Collected data entries
BEGIN

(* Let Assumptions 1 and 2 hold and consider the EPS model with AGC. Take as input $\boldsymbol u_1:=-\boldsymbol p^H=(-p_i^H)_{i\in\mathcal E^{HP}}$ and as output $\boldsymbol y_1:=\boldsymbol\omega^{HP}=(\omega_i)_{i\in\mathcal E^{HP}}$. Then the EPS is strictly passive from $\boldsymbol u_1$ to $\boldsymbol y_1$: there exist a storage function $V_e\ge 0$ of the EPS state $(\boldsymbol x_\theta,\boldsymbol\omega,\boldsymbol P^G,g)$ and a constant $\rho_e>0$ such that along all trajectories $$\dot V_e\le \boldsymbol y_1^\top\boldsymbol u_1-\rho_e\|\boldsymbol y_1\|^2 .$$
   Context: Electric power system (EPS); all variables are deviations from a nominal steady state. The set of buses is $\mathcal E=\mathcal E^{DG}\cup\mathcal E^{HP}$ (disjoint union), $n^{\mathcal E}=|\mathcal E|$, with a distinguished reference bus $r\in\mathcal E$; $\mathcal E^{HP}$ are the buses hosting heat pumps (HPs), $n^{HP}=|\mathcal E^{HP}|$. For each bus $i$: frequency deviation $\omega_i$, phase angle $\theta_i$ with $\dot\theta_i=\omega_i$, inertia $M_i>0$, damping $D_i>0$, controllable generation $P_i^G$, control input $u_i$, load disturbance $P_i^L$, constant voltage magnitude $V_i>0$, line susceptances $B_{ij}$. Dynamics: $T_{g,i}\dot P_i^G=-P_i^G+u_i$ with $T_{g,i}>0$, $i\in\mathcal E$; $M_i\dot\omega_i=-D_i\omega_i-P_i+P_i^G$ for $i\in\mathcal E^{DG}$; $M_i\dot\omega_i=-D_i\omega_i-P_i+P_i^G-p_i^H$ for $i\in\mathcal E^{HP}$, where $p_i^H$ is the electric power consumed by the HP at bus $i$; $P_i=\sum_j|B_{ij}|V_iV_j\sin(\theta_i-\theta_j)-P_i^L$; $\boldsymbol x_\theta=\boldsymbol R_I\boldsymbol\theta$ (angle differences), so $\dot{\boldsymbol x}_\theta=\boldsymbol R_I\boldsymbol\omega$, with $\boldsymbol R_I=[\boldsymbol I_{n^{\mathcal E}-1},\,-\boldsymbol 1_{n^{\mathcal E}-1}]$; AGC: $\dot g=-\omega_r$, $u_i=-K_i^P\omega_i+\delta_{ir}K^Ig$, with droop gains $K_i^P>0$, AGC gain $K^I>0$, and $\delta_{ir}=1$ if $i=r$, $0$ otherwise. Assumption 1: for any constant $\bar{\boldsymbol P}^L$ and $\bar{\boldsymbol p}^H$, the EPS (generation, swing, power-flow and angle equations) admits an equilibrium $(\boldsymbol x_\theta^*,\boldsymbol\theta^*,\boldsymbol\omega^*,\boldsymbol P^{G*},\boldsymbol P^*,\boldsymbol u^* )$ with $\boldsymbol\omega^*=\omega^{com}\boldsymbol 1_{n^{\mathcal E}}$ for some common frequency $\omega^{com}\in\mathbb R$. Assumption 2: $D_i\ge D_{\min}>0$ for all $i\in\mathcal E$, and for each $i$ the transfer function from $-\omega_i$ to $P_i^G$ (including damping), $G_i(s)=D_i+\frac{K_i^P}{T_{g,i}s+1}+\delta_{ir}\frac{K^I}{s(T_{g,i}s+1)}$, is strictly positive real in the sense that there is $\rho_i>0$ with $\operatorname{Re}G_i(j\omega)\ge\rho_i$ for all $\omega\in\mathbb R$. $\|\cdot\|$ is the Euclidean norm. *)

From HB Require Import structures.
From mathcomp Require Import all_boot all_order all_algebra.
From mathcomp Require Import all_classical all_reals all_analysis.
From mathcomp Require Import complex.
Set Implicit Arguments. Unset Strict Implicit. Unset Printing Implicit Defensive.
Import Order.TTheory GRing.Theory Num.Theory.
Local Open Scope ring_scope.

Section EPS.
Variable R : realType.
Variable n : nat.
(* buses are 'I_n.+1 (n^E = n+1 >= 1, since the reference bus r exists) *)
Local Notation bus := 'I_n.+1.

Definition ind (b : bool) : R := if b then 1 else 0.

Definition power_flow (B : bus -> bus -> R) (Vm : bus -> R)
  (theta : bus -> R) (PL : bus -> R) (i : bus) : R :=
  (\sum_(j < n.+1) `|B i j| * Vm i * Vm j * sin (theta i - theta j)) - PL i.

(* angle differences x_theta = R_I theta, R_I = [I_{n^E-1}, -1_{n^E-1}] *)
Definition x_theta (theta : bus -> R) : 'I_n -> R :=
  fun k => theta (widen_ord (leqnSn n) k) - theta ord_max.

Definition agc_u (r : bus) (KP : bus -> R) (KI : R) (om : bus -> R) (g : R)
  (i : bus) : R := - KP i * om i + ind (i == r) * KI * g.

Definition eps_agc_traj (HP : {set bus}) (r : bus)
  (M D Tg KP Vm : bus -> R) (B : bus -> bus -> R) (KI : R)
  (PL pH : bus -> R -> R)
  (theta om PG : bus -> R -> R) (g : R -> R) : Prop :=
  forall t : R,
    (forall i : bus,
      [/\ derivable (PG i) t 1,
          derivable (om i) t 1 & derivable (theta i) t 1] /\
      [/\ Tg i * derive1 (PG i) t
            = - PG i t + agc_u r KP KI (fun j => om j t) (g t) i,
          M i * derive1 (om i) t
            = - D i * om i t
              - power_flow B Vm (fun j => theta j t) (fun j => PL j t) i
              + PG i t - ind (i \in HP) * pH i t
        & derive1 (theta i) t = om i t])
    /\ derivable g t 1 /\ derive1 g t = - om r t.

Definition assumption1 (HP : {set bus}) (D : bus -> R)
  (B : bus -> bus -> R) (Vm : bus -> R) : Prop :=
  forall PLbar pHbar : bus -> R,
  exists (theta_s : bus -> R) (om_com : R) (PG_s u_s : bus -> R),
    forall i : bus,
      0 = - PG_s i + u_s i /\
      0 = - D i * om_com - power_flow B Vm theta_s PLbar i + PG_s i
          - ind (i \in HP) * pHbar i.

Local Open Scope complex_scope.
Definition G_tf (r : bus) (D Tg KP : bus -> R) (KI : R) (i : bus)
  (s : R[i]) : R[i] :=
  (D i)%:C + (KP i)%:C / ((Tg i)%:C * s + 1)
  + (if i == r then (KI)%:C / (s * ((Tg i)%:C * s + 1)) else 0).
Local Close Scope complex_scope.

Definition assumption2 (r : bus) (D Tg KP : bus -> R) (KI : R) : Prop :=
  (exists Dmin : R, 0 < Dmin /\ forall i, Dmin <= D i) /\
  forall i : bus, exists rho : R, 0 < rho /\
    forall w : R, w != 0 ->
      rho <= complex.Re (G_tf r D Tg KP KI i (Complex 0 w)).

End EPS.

END
BEGIN

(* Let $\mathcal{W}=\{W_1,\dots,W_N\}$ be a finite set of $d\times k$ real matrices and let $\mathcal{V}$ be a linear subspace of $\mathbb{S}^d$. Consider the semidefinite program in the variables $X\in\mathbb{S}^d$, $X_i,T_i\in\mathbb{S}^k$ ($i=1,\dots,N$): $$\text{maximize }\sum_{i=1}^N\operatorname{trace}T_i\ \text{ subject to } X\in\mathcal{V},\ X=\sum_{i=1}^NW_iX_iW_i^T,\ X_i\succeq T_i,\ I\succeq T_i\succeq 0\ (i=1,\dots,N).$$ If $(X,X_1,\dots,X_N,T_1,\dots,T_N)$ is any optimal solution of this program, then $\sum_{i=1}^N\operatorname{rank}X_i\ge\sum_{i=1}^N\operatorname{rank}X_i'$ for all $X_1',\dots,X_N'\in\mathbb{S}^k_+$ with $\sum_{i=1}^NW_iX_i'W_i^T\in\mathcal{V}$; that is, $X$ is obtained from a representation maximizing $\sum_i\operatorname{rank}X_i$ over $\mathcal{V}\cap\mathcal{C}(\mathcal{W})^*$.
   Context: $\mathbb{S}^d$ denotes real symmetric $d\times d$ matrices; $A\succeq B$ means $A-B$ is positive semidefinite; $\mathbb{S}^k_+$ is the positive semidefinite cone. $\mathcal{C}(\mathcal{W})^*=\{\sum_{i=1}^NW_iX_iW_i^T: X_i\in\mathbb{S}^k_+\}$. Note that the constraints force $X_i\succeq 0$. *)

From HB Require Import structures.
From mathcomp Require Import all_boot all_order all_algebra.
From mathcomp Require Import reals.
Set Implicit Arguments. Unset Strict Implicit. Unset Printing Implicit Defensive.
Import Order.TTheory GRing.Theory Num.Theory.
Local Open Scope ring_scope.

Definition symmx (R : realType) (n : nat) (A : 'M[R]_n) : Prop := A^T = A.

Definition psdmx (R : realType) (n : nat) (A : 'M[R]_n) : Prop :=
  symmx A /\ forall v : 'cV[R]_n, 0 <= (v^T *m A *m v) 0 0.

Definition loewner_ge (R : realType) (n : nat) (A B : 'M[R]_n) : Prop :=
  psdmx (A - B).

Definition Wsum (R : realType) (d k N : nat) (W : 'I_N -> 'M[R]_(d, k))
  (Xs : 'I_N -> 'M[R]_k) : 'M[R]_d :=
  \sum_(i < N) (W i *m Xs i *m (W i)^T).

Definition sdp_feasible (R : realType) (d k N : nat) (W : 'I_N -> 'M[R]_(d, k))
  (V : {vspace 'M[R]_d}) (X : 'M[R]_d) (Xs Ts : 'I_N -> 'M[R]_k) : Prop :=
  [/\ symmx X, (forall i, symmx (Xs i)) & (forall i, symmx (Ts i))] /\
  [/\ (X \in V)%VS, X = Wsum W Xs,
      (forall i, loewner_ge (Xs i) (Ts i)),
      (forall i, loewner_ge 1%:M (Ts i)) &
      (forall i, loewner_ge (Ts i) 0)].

END

Exercise brief —
Begin at the line that has "Local Open Scope complex_scope." in the entries above; stop after the line that has "Local Close Scope complex_scope.". Transcribe exactly those lines and no others.

Output of the exercise —
Local Open Scope complex_scope.
Definition G_tf (r : bus) (D Tg KP : bus -> R) (KI : R) (i : bus)
  (s : R[i]) : R[i] :=
  (D i)%:C + (KP i)%:C / ((Tg i)%:C * s + 1)
  + (if i == r then (KI)%:C / (s * ((Tg i)%:C * s + 1)) else 0).
Local Close Scope complex_scope.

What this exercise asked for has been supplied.